The ever-faithful God will not forget His plans for us, even though we may come to forget His promises to us.

Charles Whitaker
A Tale of Two Complaints (Part Two)

Jeremiah 25:3-5

Jeremiah was God's prophet at this time, when Judah was just about to suffer captivity. He was God's last major prophet—the last one He sent to appeal to the Judeans before their society, their civilization, came to an end. What was Jeremiah's complaint? "For twenty-three years I've been speaking to you, and you're not listening." And because they did not listen, by the time of Jeremiah 25, the nation had already been defeated, and a small group of refugees was on the run trying to save their lives. So Jeremiah made it very plain: "You didn't listen."

This is typical of why Jesus admonishes us to listen. They heard, but they did not listen. The direct result was ultimately the pain of warfare, but also all of the disruptions in society before the war actually broke out—the kind of things that our culture is struggling with now—things similar to the drug scene, rampant murder, all kinds of disease, and so forth. God said if they would only repent, He would heal them.

They did not listen. They did not repent. They did not get healed.

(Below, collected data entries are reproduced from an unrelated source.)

Lemma tail_sq_apply_le (v : nat -> R) Lam : ex_series (fun j => v j ^ 2) ->
  ex_series (off_sq (apply_mat A v) Lam) /\
  tail_sq (apply_mat A v) Lam <= 2 * (c * exp_dist_const a) ^ 2 * Series (fun j => v j ^ 2).
Proof.
 intros Hs.
 rewrite <- (Series_ext (fun j => Rabs (v j) ^ 2)) by (intro; apply pow2_abs).
 apply tail_sq_apply_decay; [intro; apply Rabs_pos| |].
 - eapply ex_series_ext; [|exact Hs]. intro; rewrite pow2_abs; reflexivity.
 - intros i _ j. rewrite Rabs_mult. apply Rmult_le_compat_r; [apply Rabs_pos|apply A_decay].
Qed.

Lemma ex_series_sq_apply (v : nat -> R) : ex_series (fun j => v j ^ 2) ->
  ex_series (fun j => apply_mat A v j ^ 2).
Proof. intros Hs. exact (proj1 (tail_sq_apply_le v nil Hs)). Qed.

Lemma bestN_apply_le (v : nat -> R) M N : ex_series (fun j => v j ^ 2) ->
  Series (fun j => v j ^ 2) <= M ^ 2 -> 0 <= M ->
  real (bestN (apply_mat A v) N) <= sqrt 2 * (c * exp_dist_const a) * M.
Proof.
 intros Hs HvM HM. set (K := c * exp_dist_const a).
 destruct (bestN_spec (apply_mat A v) N) as [_ [_ Hle]].
 eapply Rle_trans; [apply (Hle (seq 0 N)); auto using seq_NoDup, length_seq|].
 destruct (tail_sq_apply_le v (seq 0 N) Hs) as [_ Hf]. fold K in Hf.
 rewrite Rmult_assoc, <- (sqrt_pow2 (K * M)) by (apply Rmult_le_pos; auto;
   pose proof (exp_dist_const_pos a a_pos); unfold K; nra).
 rewrite <- sqrt_mult_alt by lra. apply sqrt_le_1_alt.
 pose proof (pow2_ge_0 K). replace (2 * (K * M) ^ 2) with (2 * K ^ 2 * M ^ 2) by ring. nra.
Qed.

(* Coefficients of [v] outside [Lam] only reach rows within distance [p] of them. *)
Lemma tail_sq_apply_banded p (v : nat -> R) Lam : ex_series (fun j => v j ^ 2) ->
  banded p A ->
  tail_sq (apply_mat A v) (flat_map (ball p) Lam)
    <= 2 * (c * exp_dist_const a) ^ 2 * tail_sq v Lam.
Proof.
 intros Hs Hb.
 set (z := fun j => if existsb (Nat.eqb j) Lam then 0 else Rabs (v j)).
 change (tail_sq v Lam) with (Series (off_sq v Lam)).
 rewrite <- (Series_ext (fun j => z j ^ 2))
   by (intro j; unfold z, off_sq; destruct existsb; [simpl; ring|apply pow2_abs]).
 apply tail_sq_apply_decay.
 - intro j; unfold z; destruct existsb; [lra|apply Rabs_pos].
 - eapply ex_series_ext; [|apply (ex_series_off_sq v Lam Hs)].
   intro j; unfold z, off_sq; destruct existsb; [simpl; ring|symmetry; apply pow2_abs].
 - intros i Hi j. unfold z. destruct (existsb (Nat.eqb j) Lam) eqn:Ej.
   + apply existsb_eqb_In in Ej. rewrite (Hb i j), Rmult_0_l, Rabs_R0, Rmult_0_r; [lra|].
     destruct (Rlt_dec (INR p) (Rabs (INR i - INR j))) as [Hl|Hl]; auto.
     exfalso. apply Hi, in_flat_map. exists j. split; auto. apply in_ball. lra.
   + rewrite Rabs_mult. apply Rmult_le_compat_r; [apply Rabs_pos|apply A_decay].
Qed.

End Decay.

(** * Banded matrices *)

Lemma Rpower_gt_0 x y : 0 < Rpower x y.
Proof. apply exp_pos. Qed.

Lemma Rpower_add_le x y t : 0 < x -> 0 < y -> 0 < t <= 1 ->
  Rpower (x + y) t <= Rpower x t + Rpower y t.
Proof.
 intros Hx Hy Ht.
 assert (D : forall z, 0 < z -> Rpower z t = z * Rpower z (t - 1)).
 { intros z Hz. replace t with (1 + (t - 1)) at 1 by ring. rewrite Rpower_plus, Rpower_1; auto. }
 assert (Mo : forall z w, 0 < z -> z <= w -> Rpower w (t - 1) <= Rpower z (t - 1)).
 { intros z w Hz Hzw. apply exp_le_compat.
   assert (ln z <= ln w) by (apply ln_le; auto). nra. }
 rewrite (D (x + y)), (D x), (D y); try lra.
 pose proof (Mo x (x + y) Hx ltac:(lra)). pose proof (Mo y (x + y) Hy ltac:(lra)).
 rewrite Rmult_plus_distr_r. apply Rplus_le_compat; apply Rmult_le_compat_l; lra.
Qed.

Instead, they went through war and into captivity, and these few had to flee for their lives. God is saying what almost any parent would say to a child in a similar situation: "I told you not to do that, but you wouldn't listen." How many times have we said that to our children?

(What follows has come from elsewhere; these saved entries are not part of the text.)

(* Neither [d <= k], the moment hypotheses nor the i.i.d. structure of [Pk] are
   needed: any reweighting of [Pk] by [det (X^T X)] and a nonzero constant has the
   same conditional limits. *)
Theorem lemma3 (R : realType) (d k : nat) (hdk : (d <= k)%N)
  (D : probability (d.-tuple R) R)
  (hmom : D.-integrable setT (fun x => (\sum_(a < d) tnth x a ^+ 2)%:E))
  (hinv : second_moment D \in unitmx)
  (Pk : probability (k.-tuple (d.-tuple R)) R)
  (hPk : is_iid_law D Pk)
  (S : 'M[R]_d) (hS : posdef S)
  (A : set (k.-tuple (d.-tuple R))) (hA : measurable A)
  (hpos : forall eps : R, 0 < eps -> (0 < Pk (gram_ball (k:=k) S eps))%E)
  (hposVS : forall eps : R, 0 < eps -> (0 < VS D Pk (gram_ball (k:=k) S eps))%E)
  (l : R)
  (hl : condprob Pk A (gram_ball (k:=k) S eps) @[eps --> (0:R)^'+] --> l) :
  condprob (VS D Pk) A (gram_ball (k:=k) S eps) @[eps --> (0:R)^'+] --> l.
Proof.
pose c := ((d`! * 'C(k, d))%:R * \det (second_moment D))^-1.
have c0 : c != 0.
  by apply/eqP => c0; have := hposVS 1 ltr01; rewrite /VS -/c c0 mule0 ltxx.
apply: cvg_sub0 hl.
apply: (@condprob_weighted_sub_cvg0 _ _ _ Pk _ _ _ _ c (\det S)) => //.
- exact: measurable_det_sum_outer.
- exact: posdef_det_neq0.
- near=> eps.
  have eps0 : 0 < eps by near: eps; exact: nbhs_right_gt.
  by split; [exact: measurable_gram_ball (ltW eps0)|exact: hpos].
- exact: det_sum_outer_near.
Unshelve. all: by end_near.
Qed.
(* Let $\mathcal{X}\subset\mathbb{R}^d$ be nonempty, closed, convex and compact with diameter $D:=\max_{x,y\in\mathcal{X}}\|x-y\|$. Let $\Phi:\mathcal{X}\to\mathbb{R}$ be differentiable with $L$-Lipschitz gradient, and set $G:=\max_{x\in\mathcal{X}}\|\nabla\Phi(x)\|$, $\Phi_{\max}:=\max_{\mathcal{X}}\Phi$, $\Phi_{\min}:=\min_{\mathcal{X}}\Phi$. Let $F:\mathcal{X}\to\mathbb{R}^d$ satisfy $F(x)=-\nabla\Phi(x)+R(x)$ with $\|R(x)\|\le\varepsilon$ for all $x\in\mathcal{X}$. Run $x_{t+1}=\operatorname{Proj}_{\mathcal{X}}(x_t+\eta\nabla\Phi(x_t))$, $t=0,\dots,T-1$, from $x_0\in\mathcal{X}$ with $0<\eta\le1/L$. Define $\mathcal{G}_\eta(x_t):=\frac1\eta(x_{t+1}-x_t)$, pick $\hat t\in\arg\min_{0\le t\le T-1}\|\mathcal{G}_\eta(x_t)\|$ and set $\hat x_T:=x_{\hat t}$. Then $$\operatorname{Gap}(\hat x_T)\le (D+\eta G)\sqrt{\frac{2(\Phi_{\max}-\Phi_{\min})}{T\eta}}+D\varepsilon.$$
   Context: For $\bar x\in\mathcal{X}$, the (Stampacchia) duality gap of the operator $F$ is $\operatorname{Gap}(\bar x):=\max_{x\in\mathcal{X}}\langle F(\bar x),\bar x-x\rangle$ with the Euclidean inner product. $\operatorname{Proj}_{\mathcal{X}}$ is Euclidean projection onto $\mathcal{X}$. *)

From HB Require Import structures.
From mathcomp Require Import all_boot all_order all_algebra.
From mathcomp Require Import all_classical all_reals all_analysis.
Set Implicit Arguments. Unset Strict Implicit. Unset Printing Implicit Defensive.
Import Order.TTheory GRing.Theory Num.Theory.
Import numFieldNormedType.Exports.
Local Open Scope classical_set_scope.
Local Open Scope ring_scope.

Why did Judah not listen? The answer is not difficult. They did not listen because, to them, the word spoken by God's prophets carried no authority. They dismissed it as a little thing, of having no consequence. It carried no authority with them because the people had no faith in God's sovereignty.

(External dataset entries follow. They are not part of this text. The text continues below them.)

Lemma count_heavy c P n : 0 <= c -> (forall i, (i < n)%nat -> 0 <= P i) ->
  INR (seq.count (heavy c P) (seq.iota 0 n)) <= c * rsum n P.
Proof.
intros Hc; induction n as [|n IH]; intros HP; [simpl; lra|].
rewrite count_iota_S, plus_INR; simpl rsum.
specialize (IH ltac:(intros; apply HP; lia)); pose proof (HP n ltac:(lia)).
destruct (heavy c P n) eqn:Hheavy; simpl; [apply Rltb_true in Hheavy|]; nra.
Qed.

(* The natural number ceil(y) (more precisely, the least integer > y). *)
Definition ceil_nat (y : R) : nat := Z.to_nat (up y).

Lemma ceil_nat_spec y : 0 <= y -> y < INR (ceil_nat y) <= y + 1.
Proof.
intros Hy; destruct (archimed y) as [Hup Hup1].
assert (Hz : (0 <= up y)%Z) by (apply le_IZR; lra).
unfold ceil_nat; rewrite INR_IZR_INZ, Z2Nat.id by exact Hz; lra.
Qed.

(* The level of a positive probability p is ceil(log2 (1/p)), the length of a
   Shannon codeword: p > 2^-level p. *)
Definition level (p : R) : nat := ceil_nat (log2 (/ p)).

Lemma log2_inv_nonneg p : 0 < p -> p <= 1 -> 0 <= log2 (/ p).
Proof.
intros Hp Hp1; rewrite <- (log2_pow 0) at 1; apply log2_le; simpl; [lra|].
rewrite <- Rinv_1; apply Rinv_le_contravar; lra.
Qed.

Lemma level_spec p : 0 < p -> p <= 1 ->
  1 < 2 ^ level p * p /\ INR (level p) <= log2 (/ p) + 1.
Proof.
intros Hp Hp1; pose proof (log2_inv_nonneg p Hp Hp1) as Hnn.
destruct (ceil_nat_spec _ Hnn) as [Hlow Hhigh]; split; [|exact Hhigh].
assert (Hinv : / p < 2 ^ level p).
{ rewrite <- (Rpower2_log2 (/ p)) by (apply Rinv_0_lt_compat; exact Hp).
  rewrite <- Rpower_pow by lra; apply Rpower_lt; [lra | exact Hlow]. }
apply Rmult_lt_compat_r with (r := p) in Hinv; [|exact Hp].
rewrite Rinv_l in Hinv by lra; exact Hinv.
Qed.

(* The slack 2^slack Delta >= 2^(2 Delta) absorbs the distortion between
   sender's and receiver's distributions. *)
Definition slack (Delta : R) : nat := ceil_nat (2 * Delta).

Lemma slack_spec Delta : 0 <= Delta ->
  INR (slack Delta) <= 2 * Delta + 1 /\ Rpower 2 (2 * Delta) <= 2 ^ slack Delta.
Proof.
intros HD; unfold slack; destruct (ceil_nat_spec (2 * Delta) ltac:(lra)) as [Hlow Hhigh].
split; [exact Hhigh|].
rewrite <- Rpower_pow by lra; apply Rle_Rpower; lra.
Qed.

Definition field_bits (N : nat) (Delta : R) (k : nat) : nat :=
  (k + slack Delta + lbits N)%nat.

(* At level k the sender must separate m from its competitors, the points of
   P-mass above 2^-k 2^(-2 Delta); the receiver considers as candidates the
   points of Q-mass above 2^-k 2^-Delta. *)
Definition competitors N Delta (P : nat -> R) k m : seq.seq nat :=
  others (heavy (2 ^ k * Rpower 2 (2 * Delta)) P) N m.

Definition candidates Delta (Q : nat -> R) k : nat -> bool :=
  heavy (2 ^ k * Rpower 2 Delta) Q.

Definition Enc N Delta (P : nat -> R) (m : nat) : list bool :=
  if Rlt_dec 0 (P m) then
    let k := level (P m) in
    true :: repeat true k ++ false ::
      hash_msg (field_bits N Delta k) (nbits N) (competitors N Delta P k m) m
  else false :: to_bits (nbits N) m.

Fixpoint split_unary (s : list bool) : nat * list bool :=
  match s with
  | true :: r => let (k, rest) := split_unary r in (S k, rest)
  | false :: r => (0%nat, r)
  | nil => (0%nat, nil)
  end.

Lemma split_unary_repeat k r : split_unary (repeat true k ++ false :: r) = (k, r).
Proof. induction k as [|k IH]; simpl; [|rewrite IH]; reflexivity. Qed.

Definition Dec N Delta (Q : nat -> R) (s : list bool) : nat :=
  match s with
  | true :: r => let (k, rest) := split_unary r in
      hash_decode (field_bits N Delta k) (nbits N) N (candidates Delta Q k) rest
  | false :: r => let v := of_bits r in if Nat.ltb v N then v else 0%nat
  | nil => 0%nat
  end.

Lemma Dec_lt N Delta Q s : (0 < N)%nat -> (Dec N Delta Q s < N)%nat.
Proof.
intros HN; destruct s as [|[|] r]; simpl; [lia | |].
- destruct (split_unary r); apply hash_decode_lt; exact HN.
- destruct (Nat.ltb_spec (of_bits r) N); lia.
Qed.

Lemma Rpower2_double Delta : Rpower 2 (2 * Delta) = Rpower 2 Delta * Rpower 2 Delta.
Proof. rewrite <- Rpower_plus; f_equal; lra. Qed.

(* The encoded message is a candidate: Q m >= 2^-Delta P m > 2^-k 2^-Delta. *)
Lemma sender_is_candidate N Delta P Q k m : close N Delta P Q -> (m < N)%nat ->
  1 < 2 ^ k * P m -> candidates Delta Q k m = true.
Proof.
intros Hclose Hm Hk; destruct (Hclose m Hm) as [HPQ _]; apply Rltb_true.
pose proof (pow_lt 2 k ltac:(lra)); nra.
Qed.

(* Every candidate is a competitor: Q i > 2^-k 2^-Delta and Q i <= 2^Delta P i
   give P i > 2^-k 2^(-2 Delta). *)
Lemma candidate_is_competitor N Delta P Q k i : close N Delta P Q -> (i < N)%nat ->
  candidates Delta Q k i = true -> heavy (2 ^ k * Rpower 2 (2 * Delta)) P i = true.
Proof.
intros Hclose Hi Hcand; destruct (Hclose i Hi) as [_ HQP].
apply Rltb_true in Hcand; apply Rltb_true; rewrite Rpower2_double.
pose proof (pow_lt 2 k ltac:(lra)).
assert (Ha : 0 < Rpower 2 Delta) by apply exp_pos.
apply Rlt_le_trans with (1 := Hcand).
replace (2 ^ k * (Rpower 2 Delta * Rpower 2 Delta) * P i)
  with (2 ^ k * Rpower 2 Delta * (Rpower 2 Delta * P i)) by ring.
apply Rmult_le_compat_l; [nra | exact HQP].
Qed.

(* There are at most 2^k 2^(2 Delta) <= 2^(k + slack Delta) competitors, so
   the field at level k is large enough to separate m from all of them. *)
Lemma competitors_fit N Delta P k m : 0 <= Delta -> is_dist N P ->
  (seq.size (competitors N Delta P k m) * nbits N < 2 ^ S (field_bits N Delta k))%nat.
Proof.
intros HD [HPpos HPsum].
assert (Hc : 0 <= 2 ^ k * Rpower 2 (2 * Delta))
  by (apply Rmult_le_pos; [apply pow_le; lra | left; apply exp_pos]).
pose proof (count_heavy _ P N Hc HPpos) as Hcount; rewrite HPsum, Rmult_1_r in Hcount.
pose proof (size_others_le (heavy (2 ^ k * Rpower 2 (2 * Delta)) P) N m) as Hsize.
destruct (slack_spec Delta HD) as [_ Hslack].
assert (Hfew : (seq.size (competitors N Delta P k m) <= 2 ^ (k + slack Delta))%nat).
{ apply INR_le; rewrite pow_INR, pow_add; replace (INR 2) with 2 by (simpl; lra).
  apply le_INR in Hsize; pose proof (pow_lt 2 k ltac:(lra)).
  unfold competitors; nra. }
pose proof (lbits_spec N).
unfold field_bits; rewrite Nat.pow_succ_r', (Nat.pow_add_r 2 (k + slack Delta)).
assert (0 < 2 ^ (k + slack Delta))%nat by (apply Nat.neq_0_lt_0, Nat.pow_nonzero; lia).
nia.
Qed.

Lemma Enc_correct N Delta P Q m : (0 < N)%nat -> 0 <= Delta -> is_dist N P ->
  close N Delta P Q -> (m < N)%nat -> Dec N Delta Q (Enc N Delta P m) = m.
Proof.
intros HN HD HP Hclose Hm; unfold Enc.
destruct (Rlt_dec 0 (P m)) as [Hpos | _].
- destruct (level_spec (P m) Hpos (dist_le1 N P m HP Hm)) as [Hlevel _].
  cbn [Dec]; rewrite split_unary_repeat.
  rewrite <- (app_nil_r (hash_msg _ _ _ m)).
  apply hash_decode_msg_nat.
  + exact Hm.
  + exact (nbits_spec N HN).
  + exact (sender_is_candidate N Delta P Q _ m Hclose Hm Hlevel).
  + intros i Hi Hcand _; exact (candidate_is_competitor N Delta P Q _ i Hclose Hi Hcand).
  + exact (competitors_fit N Delta P _ m HD HP).
- cbn [Dec]; rewrite to_bitsK_nat by (pose proof (nbits_spec N HN); lia).
  destruct (Nat.ltb_spec m N); lia.
Qed.

Lemma Enc_length N Delta P m : (4 <= N)%nat -> 0 <= Delta -> 0 < P m -> P m <= 1 ->
  INR (length (Enc N Delta P m))
    <= 3 * log2 (/ P m) + 4 * Delta + 15 * log2 (log2 (INR N)).
Proof.
intros HN HD Hpos Hle1; unfold Enc.
destruct (Rlt_dec 0 (P m)) as [_ | Hzero]; [|contradiction].
destruct (level_spec (P m) Hpos Hle1) as [_ Hlevel].
destruct (slack_spec Delta HD) as [Hslack _].
pose proof (lbits_bound N HN); destruct (log2_log2_ge1 N HN) as [_ HLL].
cbn [length]; rewrite length_app, repeat_length; cbn [length].
rewrite length_hash_msg; unfold field_bits.
repeat rewrite S_INR || rewrite plus_INR.
lra.
Qed.

Lemma entropy_nonneg N P : is_dist N P -> 0 <= entropy N P.
Proof.
intros HP; apply rsum_nonneg; intros i Hi.
destruct (Rlt_dec 0 (P i)) as [Hpos | _]; [|lra].
pose proof (log2_inv_nonneg (P i) Hpos (dist_le1 N P i HP Hi)); nra.
Qed.

(* Averaging the codeword lengths: the expected length is at most
   3 H(P) + 4 Delta + 15 log2 log2 N; points of mass 0 contribute nothing. *)
Lemma exp_len_bound N Delta P : (4 <= N)%nat -> 0 <= Delta -> is_dist N P ->
  exp_len N P (Enc N Delta)
    <= 3 * entropy N P + (4 * Delta + 15 * log2 (log2 (INR N))).
Proof.
intros HN HD HP; set (c := 4 * Delta + 15 * log2 (log2 (INR N))).
replace (3 * entropy N P + c) with (3 * entropy N P + c * rsum N P)
  by (rewrite (proj2 HP); ring).
unfold entropy, exp_len; rewrite <- rsum_scal, <- rsum_scal, <- rsum_plus.
apply rsum_le; intros m Hm.
destruct (Rlt_dec 0 (P m)) as [Hpos | Hzero].
- pose proof (Enc_length N Delta P m HN HD Hpos (dist_le1 N P m HP Hm)).
  unfold c; nra.
- assert (P m = 0) as -> by (pose proof (proj1 HP m Hm); lra).
  rewrite Rmult_0_l, Rmult_0_r; lra.
Qed.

Because these people had made the covenant with God and had been taught by one of God's prophets, if asked if they believed in God, these Judeans would have replied, "Yes, I believe in God." But the practical reality is that they had no faith in God; they lived as if He were nowhere around. They did not have faith that He had the power to do what He said or that He cared enough about them to do it. In a word, they did not have living faith.

Why is it so important to listen to God's message? Because it is to those who listen and believe the message that God's summons comes and through whom God's work is done.

John W. Ritenbaugh
The Sovereignty of God (Part One)

Jeremiah 36:5-7

Jeremiah had upset the apostate leadership so much that they had forbidden him to enter the Temple precincts. Jeremiah, therefore, delegates Baruch as his proxy.